Among the remnants of history, musical instruments are a special case: they are voices of the past that can be made to speak.  When broken and in disrepair they are silent, and once silent it becomes much easier to pitch them onto the rubbish heap. Merlin’s silver swan automaton was and is one of the great wonders of his or any age. He patented a compound harpsichord-piano in 1774. Burney ordered a harpsichord from him 1777.  Both instruments are lost. The swan swims and sings still.  (The Museum of Fine Arts in Boston does, however, have a harpsichord made by Jacob Kirkman—also a friend of Burney—to which was added Merlin’s piano pedal in 1779.)
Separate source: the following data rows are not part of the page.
(* Let $(V_n)_{n\ge1}$ be a sequence in $\mathcal{V}$ with $\mathcal{L}_{V_n}(0)\to\infty$. The following are equivalent: (1) $(\mathcal{L}_{V_n})$ has a cutoff; (2) for all $\epsilon>0$ and $c>0$, $T_{V_n}(\epsilon)\lambda_{V_n}(c)\to\infty$; (3) there is $\epsilon>0$ such that $T_{V_n}(\epsilon)\lambda_{V_n}(c)\to\infty$ for all $c>0$; (4) for all $c>0$, $\tau_{V_n}(c)\lambda_{V_n}(c)\to\infty$; (5) for all $\tilde c>0$ and $c>0$, $\tau_{V_n}(\tilde c)\lambda_{V_n}(c)\to\infty$; (6) there is $\tilde c>0$ such that $\tau_{V_n}(\tilde c)\lambda_{V_n}(c)\to\infty$ for all $c>0$. Moreover, if $(\mathcal{L}_{V_n})$ has a cutoff, then $\tau_{V_n}(c)$ is a cutoff time for every $c>0$, and \[ |T_{V_n}(\epsilon)-T_{V_n}(\delta)|=O(1/\lambda_{V_n}(c))\quad\forall\epsilon,\delta,c\in(0,\infty), \] \[ |T_{V_n}(\epsilon)-\tau_{V_n}(c)|=O\Big(\sqrt{\tau_{V_n}(c)/\lambda_{V_n}(c)}\Big)\quad\forall\epsilon,c\in(0,\infty). \]
   Context: $\mathcal{V}$ is the class of non-decreasing right-continuous $V:(0,\infty)\to\mathbb{R}$ with $\lim_{\lambda\to0^+}V(\lambda)=0$, $\lim_{\lambda\to\infty}V(\lambda)<\infty$; $\mathcal{L}_V(t)=\int_{(0,\infty)}e^{-t\lambda}dV(\lambda)$ for $t\ge0$. Mixing time: $T_V(\epsilon)=\min\{t\ge0:\mathcal{L}_V(t)\le\epsilon\}$. For $c\in(0,\mathcal{L}_V(0))$: $\lambda_V(c)=\inf\{\lambda:V(\lambda)>c\}$ and $\tau_V(c)=\sup_{\lambda\ge\lambda_V(c)}\frac{\log(1+V(\lambda))}{\lambda}$ (these are defined for all large $n$ since $\mathcal{L}_{V_n}(0)\to\infty$). Cutoff: with $M=\limsup_n\mathcal{L}_{V_n}(0)$, there exist $t_n>0$ with $\mathcal{L}_{V_n}(at_n)\to0$ for all $a>1$ and $\mathcal{L}_{V_n}(at_n)\to M$ for all $a\in(0,1)$; $t_n$ is then a cutoff time. For positive sequences, $a_n=O(b_n)$ means $\sup_n a_n/b_n<\infty$. *)

From Stdlib Require Import Reals Lra Classical ClassicalEpsilon.
Open Scope R_scope.

(* The class 𝒱: V : (0,∞) -> R (values at λ <= 0 are irrelevant). *)
Definition inV (V : R -> R) : Prop :=
  (forall x y, 0 < x -> x <= y -> V x <= V y) /\
  (forall x, 0 < x -> forall eps, 0 < eps ->
     exists d, 0 < d /\ forall y, x <= y < x + d -> Rabs (V y - V x) < eps) /\
  (forall eps, 0 < eps -> exists d, 0 < d /\
     forall y, 0 < y < d -> Rabs (V y) < eps) /\
  (exists l, forall eps, 0 < eps -> exists N, forall y, N < y -> Rabs (V y - l) < eps).

(* Lower Stieltjes sum of λ ↦ e^{-tλ} against dV over the partition
   (0, x 0] , (x 0, x 1], ..., (x (k-1), x k]  (with V(0+) = 0). *)
Fixpoint lsum (V : R -> R) (t : R) (x : nat -> R) (k : nat) : R :=
  match k with
  | O => exp (- t * x O) * V (x O)
  | S k' => lsum V t x k' + exp (- t * x k) * (V (x k) - V (x k'))
  end.

Definition partition (x : nat -> R) (k : nat) : Prop :=
  0 < x O /\ forall i, (i < k)%nat -> x i < x (S i).

Definition LapSums (V : R -> R) (t : R) (s : R) : Prop :=
  exists x k, partition x k /\ s = lsum V t x k.

(* L_V(t) = ∫_{(0,∞)} e^{-tλ} dV(λ), as the supremum of lower sums
   (the integrand is decreasing, so e^{-t x_{i+1}} is its infimum on (x_i,x_{i+1}]). *)
Definition Lap (V : R -> R) (t : R) : R :=
  epsilon (inhabits 0) (fun l => is_lub (LapSums V t) l).

Definition is_glb (E : R -> Prop) (l : R) : Prop :=
  (forall x, E x -> l <= x) /\ (forall b, (forall x, E x -> b <= x) -> b <= l).

Definition Tmix (V : R -> R) (eps : R) : R :=
  epsilon (inhabits 0) (fun t => 0 <= t /\ Lap V t <= eps /\
     forall s, 0 <= s -> Lap V s <= eps -> t <= s).

Definition lamV (V : R -> R) (c : R) : R :=
  epsilon (inhabits 0) (is_glb (fun l => 0 < l /\ V l > c)).

Definition tauV (V : R -> R) (c : R) : R :=
  epsilon (inhabits 0)
    (is_lub (fun s => exists l, lamV V c <= l /\ 0 < l /\ s = ln (1 + V l) / l)).

(* Cutoff time, specialised to the standing case L_{V_n}(0) -> ∞ (so M = ∞). *)
Definition is_cutoff_time (V : nat -> R -> R) (t : nat -> R) : Prop :=
  (exists N, forall n, (N <= n)%nat -> 0 < t n) /\
  (forall a, 1 < a -> Un_cv (fun n => Lap (V n) (a * t n)) 0) /\
  (forall a, 0 < a < 1 -> cv_infty (fun n => Lap (V n) (a * t n))).

Definition has_cutoff (V : nat -> R -> R) : Prop :=
  exists t, is_cutoff_time V t.

Definition bigO (a b : nat -> R) : Prop :=
  exists C N, forall n, (N <= n)%nat -> Rabs (a n) <= C * b n.

(* Two scales of V govern everything.  Below lambda = lamV V c the measure dV has
   mass at most c; from lambda on, V y <= e^{tau y} - 1 with tau = tauV V c, with
   near-equality at some y >= lambda.  Summing by parts against e^{-t y} gives
   L_V(t) <= c + c e^{-t lambda'} + (m + 1) e^{-(t - tau) lambda} whenever
   t <= m (t - tau) (with lambda' the scale of a smaller level), while the
   near-extremal y gives L_V(t) >= (tau - eta - t) lambda.  So L_V falls from large
   to small within O(1/lambda) of T_V(eps) and within O(sqrt(tau/lambda)) of tau, and
   each of the six conditions amounts to tau lambda -> oo, i.e. to a cutoff at tau. *)

From Stdlib Require Import Reals Lra Lia ZArith Classical ClassicalEpsilon.
Open Scope R_scope.

Lemma exp_le x y : x <= y -> exp x <= exp y.
Proof. intros [H|H]; [left; apply exp_increasing; auto | subst; lra]. Qed.

Lemma exp_le_1 x : x <= 0 -> exp x <= 1.
Proof. intros H; rewrite <- exp_0; apply exp_le; lra. Qed.

Lemma ln_le x y : 0 < x -> x <= y -> ln x <= ln y.
Proof. intros Hx [H|H]; [left; apply ln_increasing; auto | subst; lra]. Qed.

Lemma mul_exp_neg_lt K d y : 0 <= K -> 0 < d -> K / d <= y -> K * exp (- y) < d.
Proof.
  intros HK Hd Hy. rewrite exp_Ropp. pose proof (exp_ineq1_le y). pose proof (exp_pos y).
  assert (K <= d * y).
  { replace K with (d * (K / d)) by (field; lra). apply Rmult_le_compat_l; lra. }
  apply Rmult_lt_reg_r with (exp y); auto. rewrite Rmult_assoc, Rinv_l; nra.
Qed.

(* [e^x >= (1 + x/2)^2] absorbs the linear factor. *)
Lemma lin_mul_exp_neg_lt x d : 0 <= x -> 0 < d -> 6 / d <= x -> (x + 3) * exp (- x) < d.
Proof.
  intros Hx Hd Hxd.
  assert (Hq : (1 + x / 2) * (1 + x / 2) <= exp x).
  { replace x with (x / 2 + x / 2) at 3 by field. rewrite exp_plus.
    pose proof (exp_ineq1_le (x / 2)). apply Rmult_le_compat; lra. }
  rewrite exp_Ropp. pose proof (exp_pos x).
  apply Rmult_lt_reg_r with (exp x); auto. rewrite Rmult_assoc, Rinv_l; [|lra].
  assert (6 <= d * x) by (replace 6 with (d * (6 / d)) by (field; lra); apply Rmult_le_compat_l; lra).
  assert (d * ((1 + x / 2) * (1 + x / 2)) <= d * exp x) by (apply Rmult_le_compat_l; lra).
  nra.
Qed.

Lemma one_sub_exp_le_mul m u : 0 <= u -> 1 - exp (- INR m * u) <= INR m * (1 - exp (- u)).
Proof.
  intros Hu. induction m as [|m IH].
  - simpl. replace (- 0 * u) with 0 by ring. rewrite exp_0. lra.
  - rewrite S_INR. replace (- (INR m + 1) * u) with (- INR m * u + - u) by ring.
    rewrite exp_plus.
    assert (exp (- INR m * u) <= 1) by (apply exp_le_1; pose proof (pos_INR m); nra).
    assert (exp (- u) <= 1) by (apply exp_le_1; lra).
    pose proof (exp_pos (- INR m * u)). nra.
Qed.

Lemma exp_increment_le t tau m y y' : 0 <= t -> (1 <= m)%nat -> t <= INR m * (t - tau) ->
  y <= y' ->
  exp (tau * y) * (exp (- t * y) - exp (- t * y'))
  <= INR m * (exp (- (t - tau) * y) - exp (- (t - tau) * y')).
Proof.
  intros Ht Hm Htm Hy.
  assert (HmR : 1 <= INR m) by (apply (le_INR 1 m) in Hm; simpl in Hm; lra).
  assert (Htt : 0 <= t - tau) by nra.
  set (d := y' - y).
  assert (Hd : 0 <= d) by (unfold d; lra).
  assert (E1 : exp (tau * y) * (exp (- t * y) - exp (- t * y'))
               = exp (- (t - tau) * y) * (1 - exp (- t * d))).
  { unfold d. rewrite Rmult_minus_distr_l, Rmult_minus_distr_l, Rmult_1_r, <- !exp_plus.
    f_equal; f_equal; ring. }
  assert (E2 : INR m * (exp (- (t - tau) * y) - exp (- (t - tau) * y'))
               = exp (- (t - tau) * y) * (INR m * (1 - exp (- ((t - tau) * d))))).
  { unfold d. replace (- (t - tau) * y') with (- (t - tau) * y + - ((t - tau) * (y' - y))) by ring.
    rewrite exp_plus. ring. }
  rewrite E1, E2. apply Rmult_le_compat_l; [left; apply exp_pos|].
  pose proof (one_sub_exp_le_mul m ((t - tau) * d) (Rmult_le_pos _ _ Htt Hd)).
  assert (exp (- INR m * ((t - tau) * d)) <= exp (- t * d)) by (apply exp_le; nra).
  lra.
Qed.

Lemma nat_between r : 0 <= r -> exists m : nat, (1 <= m)%nat /\ r <= INR m <= r + 1.
Proof.
  intros Hr. destruct (archimed r) as [H1 H2].
  assert (Hz : (0 <= up r)%Z) by (apply le_IZR; lra).
  exists (Z.to_nat (up r)). rewrite INR_IZR_INZ, Z2Nat.id; auto.
  split; [|lra].
  destruct (Z.to_nat (up r)) eqn:E; [|lia].
  exfalso. assert (up r = 0%Z) by lia. rewrite H in H1. simpl in H1. lra.
Qed.

Lemma glb_exists (E : R -> Prop) :
  (exists x, E x) -> (forall x, E x -> 0 <= x) -> exists m, is_glb E m.
Proof.
  intros [x0 Hx0] Hlb.
  destruct (completeness (fun y => E (- y))) as [m [Hm1 Hm2]].
  - exists 0. intros y Hy. specialize (Hlb _ Hy). lra.
  - exists (- x0). rewrite Ropp_involutive; auto.
  - exists (- m). split.
    + intros x Hx. assert (- x <= m) by (apply Hm1; rewrite Ropp_involutive; auto). lra.
    + intros b Hb. assert (m <= - b).
      { apply Hm2. intros y Hy. specialize (Hb _ Hy). lra. }
      lra.
Qed.

Lemma sqrt_div_mul tau lam : 0 <= tau -> 0 < lam ->
  sqrt (tau / lam) * lam = sqrt (tau * lam) /\ tau = sqrt (tau * lam) * sqrt (tau / lam).
Proof.
  intros Ht Hl.
  assert (Hq : 0 <= tau / lam) by (apply Rmult_le_pos; [lra | left; apply Rinv_0_lt_compat; lra]).
  split.
  - replace (tau * lam) with (tau / lam * (lam * lam)) by (field; lra).
    rewrite sqrt_mult, sqrt_square; nra.
  - rewrite <- sqrt_mult by nra.
    replace (tau * lam * (tau / lam)) with (tau * tau) by (field; lra).
    rewrite sqrt_square; lra.
Qed.

(** * The class V and weighted lower sums *)

Section ClassV.
Variable V : R -> R.
Hypothesis hV : inV V.

Lemma V_mono x y : 0 < x -> x <= y -> V x <= V y.
Proof. apply (proj1 hV). Qed.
https://www.youtube.com/watch?v=GN7WFr-anqY

Burney’s description of collecting  and neglect was in my mind yesterday when I spent the day at the University of California at Berkeley trying to get a snatch of practice time on the large organ in the music department’s concert hall. It is impossible to move an organ quickly when flames break out or bombs fall. You can’t tuck it under your arm and go to another other room or step outside when, as yesterday, an unscheduled class of one hundred students convenes in the same space.

Displaced, I wandered through the halls and back rooms of the music building, home to a remarkable collection of organs. Burney would have been fascinated by Berkeley’s holdings and certainly have commented on it in his diary.

In one dusty corner of the dank waiting room of the concert stood a lovely north German cabinet organ. Its bottom section housing the bellows was made to look like a chest of drawers. The upper part mimicked a wardrobe, but the doors opened to reveal not a lady’s finer but white and gilded pipes.

For me it was like greeting an aged relative locked in an isolated room in an old folk’s home. Nearly thirty years ago when I lived in the northwest corner of Germany for I’d spent many hours playing on an identical instrument made by the same builder. The ancient stone house where the organ and I lived was not far from the instrument’s place of origin—the city of Emden, which had been almost totally destroyed in the Allied bombing of 1944. The Berkeley organ (and its pendant still in Germany) are among the very few musical remnants of old Emden.

Ignored and ailing, the emigrant to Berkeley is at least safe, one assumes, in its Bay Area bunker. After admiring the case for some time, I scrabbled in the dust and junk behind the instrument and plugged in the electric blower added later to make it possible to play without aid of a human pumper. The instrument was out of tune and wheezing; some keys stuck. But parts of it still sang sweetly.

In a nearby corner another German house organ from around 1750 was even dustier. It looked as if it hadn’t been touched in decades.

In a second-floor landing another part of the music department complex I encountered an Italian organ from the mid-eighteenth century. It is about twelve feet high and five feet wide. Last time I visited the Berkeley organs nearly twenty years ago it had been on the concert hall stage.

This one has no motor so has to be pumped. I was able to get someone to spend a few minutes pulling the cords that raise the two bellows.  This rare and beautiful instrument with its classical architectural flourishes and the lush vocal quality of its sounds has survived for nearly fifty years in the New World.  Against the 1950s walls and institutional carpeted of the Berkeley music building, it looks sad, and sounds rather sad, too. One yearns to hear and see it in the church in Veron from which it was taken.

The acquisition of these instruments and some ten others based on old models, German and Spanish, was made possible thanks to the behest of a Berkeley professor of chemistry named Edmond O’Neill, who left $46,000 to the university for the purchase of an organ (later reinterpreted to mean “organs”) when he died in 1933. Nearly the same sum was given by his wife, Edith, when she died eight years later.

Berkeley has recently folded its university organist position. Uncurated and unloved, the instruments collected with the now-depleted O’Neill funds suffer the worst of musical fates: disuse. Silently they await an uncertain future.